> [Problem statement]: This exercise needs the listing below duplicated exactly.

Available records below:

Lemma norm_det_vdm_le (B : 'I_N1 -> point R n) (r : R) i0 :
  0 < r -> r <= 1 ->
  (forall i k, i != i0 -> `|B i k| <= r) -> (forall k, `|B i0 k| <= 1) ->
  `|\det (vdm_matrix B)| <= N1`!%:R * (r ^+ vdm_deg / r ^+ d).
Proof.
move=> r0 r1 hB hB0.
have pow_le (b : point R n) (s : R) (j : mindex n d) :
    0 <= s -> (forall k, `|b k| <= s) -> `|pow_pt b j| <= s ^+ mdeg (val j).
  move=> s0 hb; rewrite /pow_pt /xmon mevalX normr_prod mdegE -prodrXr.
  by apply: ler_prod => k _; rewrite normr_ge0 normrX lerXn2r ?nnegrE.
pose F (i l : 'I_N1) := r ^+ mdeg (val (enum_val l)) * (if i == i0 then (r ^+ d)^-1 else 1).
have hF i l : `|vdm_matrix B i l| <= F i l.
  rewrite mxE /F; case: eqP => [->|/eqP ne]; last first.
    by rewrite mulr1; apply: pow_le => [|k]; [exact: ltW | exact: hB].
  apply: le_trans (pow_le _ 1 _ ler01 hB0) _; rewrite expr1n.
  rewrite ler_pdivlMr ?exprn_gt0 // mul1r ler_wiXn2l ?(ltW r0) //.
  by rewrite -ltnS bmdeg.
have prodF (s : 'S_N1) : \prod_i F i (s i) = r ^+ vdm_deg / r ^+ d.
  rewrite /F big_split /= prodrXr [X in _ * X](bigD1 i0) //= eqxx.
  rewrite [X in _ * (_ * X)]big1 ?mulr1 => [|i /negbTE -> //].
  have -> : (\sum_(i : 'I_N1) mdeg (val (enum_val (s i))) =
            \sum_(i : 'I_N1) mdeg (val (enum_val i)))%N.
    exact: esym (reindex_perm s).
  by rewrite -(big_enum_val (A := predT) (fun j => mdeg (val j))) sum_mdeg_mindex.
apply: le_trans (norm_det_le hF) _.
by rewrite (eq_bigr _ (fun s _ => prodF s)) sumr_const card_Sn mulr_natl.
Qed.

Lemma norm_det_vdm_repl_le (a : 'I_N1 -> point R n) y (r : R) i :
  0 < r -> r <= 1 ->
  (forall q, pdist (a q) (a0 a) <= r) -> (forall k, `|y k - a0 a k| <= 1) ->
  pdist (a i) (a0 a) ^+ d * `|\det (vdm_matrix (repl_pt a i y))| <= N1`!%:R * r ^+ vdm_deg.
Proof.
move=> r0 r1 near_a near_y; rewrite (det_vdm_translate _ (a0 a)).
have hdet : `|\det (vdm_matrix (fun q k => repl_pt a i y q k - a0 a k))|
    <= N1`!%:R * (r ^+ vdm_deg / r ^+ d).
  apply: (norm_det_vdm_le (i0 := i)) => // [q k /negbTE q_neq_i | k]; rewrite /repl_pt ?q_neq_i ?eqxx //.
  exact: le_trans (normB_le_pdist _ _ _) (near_a q).
have rd0 : 0 < r ^+ d by rewrite exprn_gt0.
have pd : pdist (a i) (a0 a) ^+ d <= r ^+ d.
  by rewrite lerXn2r ?nnegrE ?pdist_ge0 ?(ltW r0).
apply: le_trans (ler_pM _ _ pd hdet) _; rewrite ?exprn_ge0 ?pdist_ge0 //.
by rewrite mulrCA [r ^+ d * _]mulrC divfK ?gt_eqF.
Qed.

Lemma DeltaE_scaled_delta m (a : 'I_N1 -> point R n) y (r c : R) :
  0 < r -> r <= 1 -> 0 < c -> (forall i, X (a i)) ->
  (forall q, pdist (a q) (a0 a) <= r) -> (forall k, `|y k - a0 a k| <= 1) ->
  c * r ^+ vdm_deg <= `|\det (vdm_matrix a)| ->
  DeltaE X (Eseq X m) a [ffun j => c / N1`!%:R * delta d y j].
Proof.
move=> r0 r1 c0 Xa near_a near_y hdet; set t := c / N1`!%:R.
have fact0 : 0 < N1`!%:R :> R by rewrite ltr0n fact_gt0.
have t0 : 0 < t by rewrite divr_gt0.
have detV0 : 0 < `|\det (vdm_matrix a)|.
  by apply: lt_le_trans hdet; rewrite mulr_gt0 ?exprn_gt0.
have detV : \det (vdm_matrix a) != 0 by rewrite -normr_gt0.
pose lam i := t * (\det (vdm_matrix (repl_pt a i y)) / \det (vdm_matrix a)).
exists (fun i => [ffun j => lam i * delta d (a i) j]); split.
- exact: Xa.
- by move=> i; apply: Eseq_scale_delta.
- rewrite {1}(dual_delta_expansion [ffun j => t * delta d y j] detV).
  apply: eq_bigr => i _; apply/ffunP => j; rewrite !ffunE; congr (_ * _).
  have -> : dual_row [ffun j => t * delta d y j] = t *: dual_row (delta d y).
    by apply/rowP => l; rewrite !mxE ffunE.
  by rewrite -scalemxAl mxE vdm_cramer.
move=> al i; rewrite dapp_scale dapp_delta_xminus.
case: eqP => [->|_]; last by rewrite mulr0 normr0 mulr0 ler01.
rewrite subn0 mulr1 /lam normrM (gtr0_norm t0) normrM normfV.
have hrepl := norm_det_vdm_repl_le i r0 r1 near_a near_y.
set P := pdist _ _ ^+ d in hrepl *; set Di := `|\det _| in hrepl *.
rewrite (_ : P * _ = t * (P * Di) / `|\det (vdm_matrix a)|); last by ring.
rewrite ler_pdivrMr // mul1r; apply: le_trans hdet.
by apply: le_trans (ler_wpM2l (ltW t0) hrepl) _; rewrite mulrA divfK ?gt_eqF.
Qed.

End of Available records.

> [Completed exercise]:
Lemma norm_det_vdm_le (B : 'I_N1 -> point R n) (r : R) i0 :
  0 < r -> r <= 1 ->
  (forall i k, i != i0 -> `|B i k| <= r) -> (forall k, `|B i0 k| <= 1) ->
  `|\det (vdm_matrix B)| <= N1`!%:R * (r ^+ vdm_deg / r ^+ d).
Proof.
move=> r0 r1 hB hB0.
have pow_le (b : point R n) (s : R) (j : mindex n d) :
    0 <= s -> (forall k, `|b k| <= s) -> `|pow_pt b j| <= s ^+ mdeg (val j).
  move=> s0 hb; rewrite /pow_pt /xmon mevalX normr_prod mdegE -prodrXr.
  by apply: ler_prod => k _; rewrite normr_ge0 normrX lerXn2r ?nnegrE.
pose F (i l : 'I_N1) := r ^+ mdeg (val (enum_val l)) * (if i == i0 then (r ^+ d)^-1 else 1).
have hF i l : `|vdm_matrix B i l| <= F i l.
  rewrite mxE /F; case: eqP => [->|/eqP ne]; last first.
    by rewrite mulr1; apply: pow_le => [|k]; [exact: ltW | exact: hB].
  apply: le_trans (pow_le _ 1 _ ler01 hB0) _; rewrite expr1n.
  rewrite ler_pdivlMr ?exprn_gt0 // mul1r ler_wiXn2l ?(ltW r0) //.
  by rewrite -ltnS bmdeg.
have prodF (s : 'S_N1) : \prod_i F i (s i) = r ^+ vdm_deg / r ^+ d.
  rewrite /F big_split /= prodrXr [X in _ * X](bigD1 i0) //= eqxx.
  rewrite [X in _ * (_ * X)]big1 ?mulr1 => [|i /negbTE -> //].
  have -> : (\sum_(i : 'I_N1) mdeg (val (enum_val (s i))) =
            \sum_(i : 'I_N1) mdeg (val (enum_val i)))%N.
    exact: esym (reindex_perm s).
  by rewrite -(big_enum_val (A := predT) (fun j => mdeg (val j))) sum_mdeg_mindex.
apply: le_trans (norm_det_le hF) _.
by rewrite (eq_bigr _ (fun s _ => prodF s)) sumr_const card_Sn mulr_natl.
Qed.

Lemma norm_det_vdm_repl_le (a : 'I_N1 -> point R n) y (r : R) i :
  0 < r -> r <= 1 ->
  (forall q, pdist (a q) (a0 a) <= r) -> (forall k, `|y k - a0 a k| <= 1) ->
  pdist (a i) (a0 a) ^+ d * `|\det (vdm_matrix (repl_pt a i y))| <= N1`!%:R * r ^+ vdm_deg.
Proof.
move=> r0 r1 near_a near_y; rewrite (det_vdm_translate _ (a0 a)).
have hdet : `|\det (vdm_matrix (fun q k => repl_pt a i y q k - a0 a k))|
    <= N1`!%:R * (r ^+ vdm_deg / r ^+ d).
  apply: (norm_det_vdm_le (i0 := i)) => // [q k /negbTE q_neq_i | k]; rewrite /repl_pt ?q_neq_i ?eqxx //.
  exact: le_trans (normB_le_pdist _ _ _) (near_a q).
have rd0 : 0 < r ^+ d by rewrite exprn_gt0.
have pd : pdist (a i) (a0 a) ^+ d <= r ^+ d.
  by rewrite lerXn2r ?nnegrE ?pdist_ge0 ?(ltW r0).
apply: le_trans (ler_pM _ _ pd hdet) _; rewrite ?exprn_ge0 ?pdist_ge0 //.
by rewrite mulrCA [r ^+ d * _]mulrC divfK ?gt_eqF.
Qed.

Lemma DeltaE_scaled_delta m (a : 'I_N1 -> point R n) y (r c : R) :
  0 < r -> r <= 1 -> 0 < c -> (forall i, X (a i)) ->
  (forall q, pdist (a q) (a0 a) <= r) -> (forall k, `|y k - a0 a k| <= 1) ->
  c * r ^+ vdm_deg <= `|\det (vdm_matrix a)| ->
  DeltaE X (Eseq X m) a [ffun j => c / N1`!%:R * delta d y j].
Proof.
move=> r0 r1 c0 Xa near_a near_y hdet; set t := c / N1`!%:R.
have fact0 : 0 < N1`!%:R :> R by rewrite ltr0n fact_gt0.
have t0 : 0 < t by rewrite divr_gt0.
have detV0 : 0 < `|\det (vdm_matrix a)|.
  by apply: lt_le_trans hdet; rewrite mulr_gt0 ?exprn_gt0.
have detV : \det (vdm_matrix a) != 0 by rewrite -normr_gt0.
pose lam i := t * (\det (vdm_matrix (repl_pt a i y)) / \det (vdm_matrix a)).
exists (fun i => [ffun j => lam i * delta d (a i) j]); split.
- exact: Xa.
- by move=> i; apply: Eseq_scale_delta.
- rewrite {1}(dual_delta_expansion [ffun j => t * delta d y j] detV).
  apply: eq_bigr => i _; apply/ffunP => j; rewrite !ffunE; congr (_ * _).
  have -> : dual_row [ffun j => t * delta d y j] = t *: dual_row (delta d y).
    by apply/rowP => l; rewrite !mxE ffunE.
  by rewrite -scalemxAl mxE vdm_cramer.
move=> al i; rewrite dapp_scale dapp_delta_xminus.
case: eqP => [->|_]; last by rewrite mulr0 normr0 mulr0 ler01.
rewrite subn0 mulr1 /lam normrM (gtr0_norm t0) normrM normfV.
have hrepl := norm_det_vdm_repl_le i r0 r1 near_a near_y.
set P := pdist _ _ ^+ d in hrepl *; set Di := `|\det _| in hrepl *.
rewrite (_ : P * _ = t * (P * Di) / `|\det (vdm_matrix a)|); last by ring.
rewrite ler_pdivrMr // mul1r; apply: le_trans hdet.
by apply: le_trans (ler_wpM2l (ltW t0) hrepl) _; rewrite mulrA divfK ?gt_eqF.
Qed.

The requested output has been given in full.